Scientists have identified evidence of a previously unknown process that may explain how brain cells die in Alzheimer’s disease and frontotemporal dementia (FTD). The discovery, centered around a mechanism known as karyoptosis, could point researchers to new ways to slow the progression of these devastating conditions.
Many neurodegenerative diseases, such as amyotrophic lateral sclerosis (ALS), Alzheimer’s disease, and FTD, are characterized by the accumulation of harmful proteins within neurons. Over time, these nerve cells die, causing memory loss and other symptoms. Although scientists have long known about several forms of cell death, including apoptosis, those mechanisms never fully explained the widespread neuron loss seen in these diseases.
Now, researchers from King’s College London, in collaboration with the UK Dementia Research Institute and with some support from Alzheimer’s Research UK, have identified karyocytosis as a potential missing link leading to toxic protein build-up and brain cell death.
Nuclear drop syndrome refers to a series of chemical reactions that are initiated when toxic proteins accumulate inside cells. As this process progresses, the cell nucleus containing the genetic material gradually shrinks and eventually falls apart.
Evidence found in Alzheimer’s disease and FTD brains
The survey results are nature communicationsbased on an analysis of 3,000 brain cells taken from 28 people with either FTD or late-stage Alzheimer’s disease. The researchers used computational algorithms to identify the different forms of cell death that occur within tissues.
They found signs of nuclear ptosis in 35 percent of cells in the frontal lobes of Alzheimer’s patients, but only 15 percent of cells from healthy older adults.
“This study is the culmination of 10 years of research at King’s, from first identifying nuclear ptosis, a relatively rare disease, to discovering that it is a common feature of dementia, which affects millions of people.”
Possibility of new target for dementia treatment
The researchers also uncovered important molecular pathways that appear to control nucleotosis. They found that forcing proteins in neurons to aggregate, a hallmark of many neurodegenerative diseases, can trigger this destructive process.
Studies show that the buildup of toxic proteins destabilizes the outer membrane of the nucleus, causing the cell nucleus to shrink and eventually collapse.

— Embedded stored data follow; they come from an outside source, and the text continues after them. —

(* Let $\mu$ be an Ising model on $\{-1,1\}^p$ with $\ell_1$-width at most $\gamma>0$, fix $u\in[p]$, and define $\mathcal R^*(\theta)=\mathbb E_\mu\exp\big(-\theta\sigma_u-\sigma_u\sum_{j\ne u}\theta^*_{u,j}\sigma_j\big)$ for $\theta\in\mathbb R$. Then for every $\theta\in[-\gamma,\gamma]$, \[ \mathcal R^*(\theta)-\mathcal R^*(\theta^*_u)-(\mathcal R^* )'(\theta^*_u)(\theta-\theta^*_u)\ \ge\ \frac{e^{-\gamma}}{2+2\gamma}(\theta-\theta^*_u)^2 . \]
   Context: Ising model: $\mu(\underline\sigma)\propto\exp\big(\sum_{\{u,v\}}\theta^*_{u,v}\sigma_u\sigma_v+\sum_u\theta^*_u\sigma_u\big)$ on $\{-1,1\}^p$, first sum over unordered pairs of distinct indices, symmetric couplings; $\ell_1$-width at most $\gamma$ means $\sum_{v\ne u}|\theta^*_{u,v}|+|\theta^*_u|\le\gamma$ for all $u$. *)

From HB Require Import structures.
From mathcomp Require Import all_boot all_order all_algebra.
From mathcomp Require Import all_classical all_reals all_analysis.
Set Implicit Arguments. Unset Strict Implicit. Unset Printing Implicit Defensive.
Import Order.TTheory GRing.Theory Num.Theory.
Local Open Scope ring_scope.

Section Ising.
Variable R : realType.
Variable p : nat.

Definition config := {ffun 'I_p -> bool}.
Definition spin (s : config) (i : 'I_p) : R := if s i then 1 else -1.

Definition ising_params (J : 'I_p -> 'I_p -> R) : Prop :=
  (forall u v, J u v = J v u) /\ (forall u, J u u = 0).

Definition ising_energy (J : 'I_p -> 'I_p -> R) (h : 'I_p -> R) (s : config) : R :=
  \sum_(u : 'I_p) \sum_(v : 'I_p | (u < v)%N) J u v * spin s u * spin s v
  + \sum_(u : 'I_p) h u * spin s u.

Definition partition_fn (J : 'I_p -> 'I_p -> R) (h : 'I_p -> R) : R := \sum_(s : config) expR (ising_energy J h s).

Definition ising_mu (J : 'I_p -> 'I_p -> R) (h : 'I_p -> R) (s : config) : R := expR (ising_energy J h s) / partition_fn J h.

Definition l1_width_le (J : 'I_p -> 'I_p -> R) (h : 'I_p -> R) (gamma : R) : Prop :=
  forall u : 'I_p, \sum_(v : 'I_p | v != u) `|J u v| + `|h u| <= gamma.

Definition Rstar (J : 'I_p -> 'I_p -> R) (h : 'I_p -> R) (u : 'I_p) (theta : R) : R :=
  \sum_(s : config) ising_mu J h s *
    expR (- theta * spin s u - spin s u * \sum_(j : 'I_p | j != u) J u j * spin s j).
End Ising.

From HB Require Import structures.
From mathcomp Require Import all_boot all_order all_algebra.
From mathcomp Require Import all_classical all_reals all_analysis.
From mathcomp Require Import ring lra.
Import Order.TTheory GRing.Theory Num.Theory.
Import numFieldNormedType.Exports.
Set Implicit Arguments. Unset Strict Implicit. Unset Printing Implicit Defensive.
Local Open Scope ring_scope.

(* R* is a mixture of the exponentials x |-> exp (k_s x + d_s) with k_s = -sigma_u = +-1,
   so its Bregman divergence at theta*_u is a mu-average of
   exp (k_s theta*_u + d_s) * phi (k_s (theta - theta*_u)) with phi x = e^x - 1 - x.
   The width bound gives exp (k_s theta*_u + d_s) >= e^-gamma and
   |theta - theta*_u| <= 2 gamma, and phi x >= x^2 / (2 + |x|) for every real x. *)

Section RealCalculus.
Variable R : realType.

Lemma is_derive_expR_affine (k d t : R) :
  is_derive t 1 (fun x => expR (k * x + d)) (k * expR (k * t + d)).
Proof.
have daff : is_derive t 1 (fun x => k * x + d) k.
  by apply: is_derive_eq; rewrite /GRing.scale /= mulr1 addr0.
by rewrite mulrC; apply: (is_derive1_comp (f := expR)).
Qed.

Lemma is_derive_fsum (I : finType) (g : I -> R -> R) (dg : I -> R) (t : R) :
  (forall i, is_derive t 1 (g i) (dg i)) ->
  is_derive t 1 (fun x => \sum_i g i x) (\sum_i dg i).
Proof.
move=> dgi; rewrite -fct_sumE.
elim/big_ind2: _ => //; first exact: is_derive_cst.
by move=> f1 d1 f2 d2; apply: is_deriveD.
Qed.

Lemma is_derive_ge0_le (f df : R -> R) (a b : R) : a <= b ->
  (forall t : R, is_derive t 1 f (df t)) -> (forall t, a <= t <= b -> 0 <= df t) ->
  f a <= f b.
Proof.
move=> ab fdf df0.
have cf : continuous f.
  by move=> x; apply/differentiable_continuous/derivable1_diffP/ex_derive.
have [|c cab E] := MVT_segment ab (fun x _ => fdf x).
  exact/continuous_subspaceT.
by rewrite -subr_ge0 E mulr_ge0 ?subr_ge0 // df0 //; rewrite in_itv in cab.
Qed.

Lemma sqr_le_expR_sub1Dx (x : R) : x ^+ 2 <= (2 + `|x|) * (expR x - 1 - x).
Proof.
have [x0|x0] := leP 0 x.
- pose F (t : R) := expR t - 1 - t - t * t / 2.
  have dF (t : R) : is_derive t 1 F (expR t - 1 - t).
    by apply: is_derive_eq; rewrite /GRing.scale /=; field.
  have : F 0 <= F x.
    by apply: is_derive_ge0_le dF _ => // t _; have := expR_ge1Dx t; lra.
  rewrite /F expR0 ger0_norm //; nra.
- (* (2 - x) phi x - x^2 = -2 - G x, and G is nondecreasing on ]-oo, 0]. *)
  pose G (t : R) := (t - 2) * expR t + t.
  have dG (t : R) : is_derive t 1 G ((t - 1) * expR t + 1).
    by apply: is_derive_eq; rewrite /GRing.scale /=; ring.
  have : G x <= G 0.
    apply: is_derive_ge0_le dG _; first exact: ltW.
    move=> t /andP[_ t0]; have := expR_ge1Dx (- t); have := expRxMexpNx_1 t.
    have := expR_ge0 t; nra.
  rewrite /G expR0 ltr0_norm //; have := expR_ge1Dx x; nra.
Qed.

Lemma sqr_div_le_expR_sub1Dx (x c : R) :
  `|x| <= c -> x ^+ 2 / (2 + c) <= expR x - 1 - x.
Proof.
move=> xc; have c0 : 0 <= c := le_trans (normr_ge0 x) xc.
rewrite ler_pdivrMr; last lra.
have := sqr_le_expR_sub1Dx x; have := expR_ge1Dx x; nra.
Qed.

End RealCalculus.

Section ExpMixture.
Variables (R : realType) (I : finType) (w k d : I -> R).

Definition expmix (x : R) : R := \sum_i w i * expR (k i * x + d i).

Lemma derive1_expmix (t : R) :
  derive1 expmix t = \sum_i w i * (k i * expR (k i * t + d i)).
Proof.
rewrite derive1E; apply: derive_val; apply: is_derive_fsum => i.
exact/is_deriveZ/is_derive_expR_affine.
Qed.

Lemma expmix_bregmanE (t y : R) :
  expmix y - expmix t - derive1 expmix t * (y - t) =
  \sum_i w i * (expR (k i * t + d i) * (expR (k i * (y - t)) - 1 - k i * (y - t))).
Proof.
rewrite derive1_expmix mulr_suml -!sumrB; apply: eq_bigr => i _.
have -> : k i * y + d i = (k i * t + d i) + k i * (y - t) by ring.
rewrite expRD; ring.
Qed.

Lemma expmix_bregman_ge (e c t y : R) :
  (forall i, 0 <= w i) -> \sum_i w i = 1 -> (forall i, `|k i| = 1) ->
  (forall i, e <= expR (k i * t + d i)) -> `|y - t| <= c ->
  e / (2 + c) * (y - t) ^+ 2 <= expmix y - expmix t - derive1 expmix t * (y - t).
Proof.
move=> w0 w1 k1 eE yc; rewrite expmix_bregmanE.
rewrite -[X in X <= _]mul1r -{1}w1 mulr_suml; apply: ler_sum => i _.
apply: ler_wpM2l => //.
have kdelta : `|k i * (y - t)| = `|y - t| by rewrite normrM k1 mul1r.
have sqr_kdelta : (k i * (y - t)) ^+ 2 = (y - t) ^+ 2.
  by rewrite -[LHS]ger0_norm ?sqr_ge0 // normrX kdelta real_normK ?num_real.
have bound : (y - t) ^+ 2 / (2 + c) <= expR (k i * (y - t)) - 1 - k i * (y - t).
  by rewrite -sqr_kdelta; apply: sqr_div_le_expR_sub1Dx; rewrite kdelta.
have c0 : 0 <= c := le_trans (normr_ge0 _) yc.
have q0 : 0 <= (y - t) ^+ 2 / (2 + c) by rewrite divr_ge0 ?sqr_ge0 //; lra.
rewrite mulrAC -mulrA.
exact: le_trans (ler_wpM2r q0 (eE i)) (ler_wpM2l (expR_ge0 _) bound).
Qed.

End ExpMixture.

Section IsingModel.
Variables (R : realType) (p : nat) (J : 'I_p -> 'I_p -> R) (h : 'I_p -> R).

Lemma normr_spin (s : config p) (i : 'I_p) : `|spin R s i| = 1.
Proof. by rewrite /spin; case: (s i); rewrite ?normrN normr1. Qed.

Lemma partition_fn_gt0 : 0 < partition_fn J h.
Proof.
rewrite /partition_fn (bigD1 [ffun=> true]) //= ltr_wpDr ?expR_gt0 //.
by apply: sumr_ge0 => s _; exact: expR_ge0.
Qed.

Lemma ising_mu_ge0 (s : config p) : 0 <= ising_mu J h s.
Proof. by rewrite divr_ge0 ?expR_ge0 // ltW // partition_fn_gt0. Qed.

Lemma sum_ising_mu : \sum_s ising_mu J h s = 1.
Proof. by rewrite -mulr_suml mulfV // gt_eqF // partition_fn_gt0. Qed.

Definition local_field (u : 'I_p) (s : config p) : R :=
  \sum_(j : 'I_p | j != u) J u j * spin R s j.

Lemma Rstar_expmix (u : 'I_p) :
  Rstar J h u = expmix (ising_mu J h) (fun s => - spin R s u)
                       (fun s => - (spin R s u * local_field u s)).
Proof.
apply/funext => x; apply: eq_bigr => s _.
by congr (_ * expR _); rewrite /local_field; ring.
Qed.

Lemma expR_Nwidth_le (gamma : R) (u : 'I_p) (s : config p) :
  l1_width_le J h gamma ->
  expR (- gamma) <= expR (- spin R s u * h u - spin R s u * local_field u s).
Proof.
move=> /(_ u) width; rewrite ler_expR.
have -> : - spin R s u * h u - spin R s u * local_field u s =
          - (spin R s u * (h u + local_field u s)) by ring.
rewrite lerN2.
apply: le_trans (ler_norm _) _; rewrite normrM normr_spin mul1r addrC.
apply: le_trans (ler_normD _ _) (le_trans _ width); rewrite lerD2r.
apply: le_trans (ler_norm_sum _ _ _) _; apply: ler_sum => j _.
by rewrite normrM normr_spin mulr1.
Qed.

End IsingModel.

Theorem mainTheorem9 (R : realType) (p : nat) (J : 'I_p -> 'I_p -> R)
  (h : 'I_p -> R) (gamma : R) (u : 'I_p) :
  ising_params J -> 0 < gamma -> l1_width_le J h gamma ->
  forall theta : R, -gamma <= theta <= gamma ->
    Rstar J h u theta - Rstar J h u (h u)
      - (derive1 (Rstar J h u) (h u)) * (theta - h u)
    >= expR (- gamma) / (2 + 2 * gamma) * (theta - h u) ^+ 2.
Proof.
move=> _ _ width theta /andP[theta_lo theta_hi].
rewrite Rstar_expmix; apply: expmix_bregman_ge.
- exact: ising_mu_ge0.
- exact: sum_ising_mu.
- by move=> s; rewrite normrN normr_spin.
- by move=> s; exact: expR_Nwidth_le.
- have hu : `|h u| <= gamma.
    by apply: le_trans (width u); rewrite lerDr sumr_ge0.
  have theta_le : `|theta| <= gamma by rewrite ler_norml theta_lo.
  have := ler_normB theta (h u); lra.
Qed.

The team then studied proteins known as kinases, which act as molecular switches in this pathway. In experiments using rat neurons, blocking these switches reduced markers associated with nuclear ptosis. In particular, the interaction between the kinase p38 MAP kinase and the protein LaminB1 has emerged as a promising target for slowing or preventing nuclear destruction.
Researchers believe this pathway could eventually lead to treatments that reduce brain cell loss in dementia. Their next goal is to develop a method to selectively target the interaction between p38 MAP kinase and LaminB1 in humans.
“By specifically targeting the interaction between p38 MAP kinase and lamin B1, we may be able to slow down the cell death process and buy time for more precise treatments for certain neurodegenerative diseases,” said Dr. Manolis Fant, leader of functional genomics at the Institute of Psychiatry, Psychology and Neuroscience at King’s College London.
Building a roadmap for future treatments
“The death and loss of cells in the brain causes many of the symptoms experienced by dementia patients. Our research has uncovered a new set of chemical phenomena that may modulate cell death in brain cells. We are excited about the potential future breakthroughs this will lead to in the dementia research community and beyond,” said Dr Rebecca Casterton, senior research fellow at the King’s Dementia Research Institute in the UK and lead author of the paper.
“Although we’ve known for decades that toxic proteins accumulate in Alzheimer’s disease and frontotemporal dementia, it remained unclear exactly how they lead to brain cell loss.
Dr Sarah Rodriguez, Senior Research Manager at Alzheimer’s Research UK, said: “Identification of nuclear ophthalmia is an important step in finding therapeutic targets that can stop or slow cell loss. This could help widen the range of treatments that tackle the root causes of the disease and bring us closer to a cure for dementia. This is why Alzheimer’s Research UK is funding and supporting the research.”
The study that “nucleocytosis mediates cell death and neurodegeneration due to proteotoxic stress” nature communications.
This research was primarily funded by Alzheimer’s Research UK and the Biotechnology and Biological Sciences Research Council International Partnership. Additional support was provided by studentships provided by the UK Medical Research Council and Dementia Research UK.